━━━ INFORMATION PROVIDED ━━━

(* Let $\delta>0$ be an ordinal and $\mathcal I_{\omega^\delta}=\{I\subset\omega^\delta:\omega^\delta\not\hookrightarrow I\}$. Then $\mathcal I_{\omega^\delta}$ is an ideal of $P(\omega^\delta)$ and (a) $\mathbb P(\omega^\delta)=\langle \mathcal I_{\omega^\delta}^+,\subset\rangle$, $\mathrm{sm}(\mathbb P(\omega^\delta))=\langle\mathcal I_{\omega^\delta}^+,\subset_{\mathcal I_{\omega^\delta}}\rangle$ and $\mathrm{sq}(\mathbb P(\omega^\delta))=(P(\omega^\delta)/\mathcal I_{\omega^\delta})^+$; (b) if $\delta\ge\omega$, then $|\mathrm{sq}(\mathbb P(\omega^\delta))|\le 2^{|\delta|}$.
   Context: $\mathbb P(X)$ is the set of subsets of the ordinal $X$ order-isomorphic to $X$, ordered by inclusion. $L\hookrightarrow A$ means $L$ order-embeds into $A$. For an ideal $\mathcal I$ on a set $X$, $\mathcal I^+=P(X)\setminus\mathcal I$, and $A\subset_{\mathcal I}B$ iff $A\setminus B\in\mathcal I$; $(P(X)/\mathcal I)^+$ is the set of nonzero elements of the quotient Boolean algebra. $\mathrm{sm}$ and $\mathrm{sq}$ denote separative modification and separative quotient of a preorder ($p\le^*q$ iff every $r\le p$ has some $s\le r$ with $s\le q$; $\mathrm{sq}$ is the antisymmetric quotient of $\le^*$). *)

(* ordinals are represented by well-ordered types. *)
From Stdlib Require Import List Arith.

Definition is_well_order {D : Type} (lt : D -> D -> Prop) : Prop :=
  (forall x, ~ lt x x) /\
  (forall x y z, lt x y -> lt y z -> lt x z) /\
  (forall x y, lt x y \/ x = y \/ lt y x) /\
  well_founded lt.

━━━

▶ **WORK INSTRUCTION**
Go through the entries above and count the lines with the word "ordered", then give only that number.

▶ **SOLVED PROBLEM**
2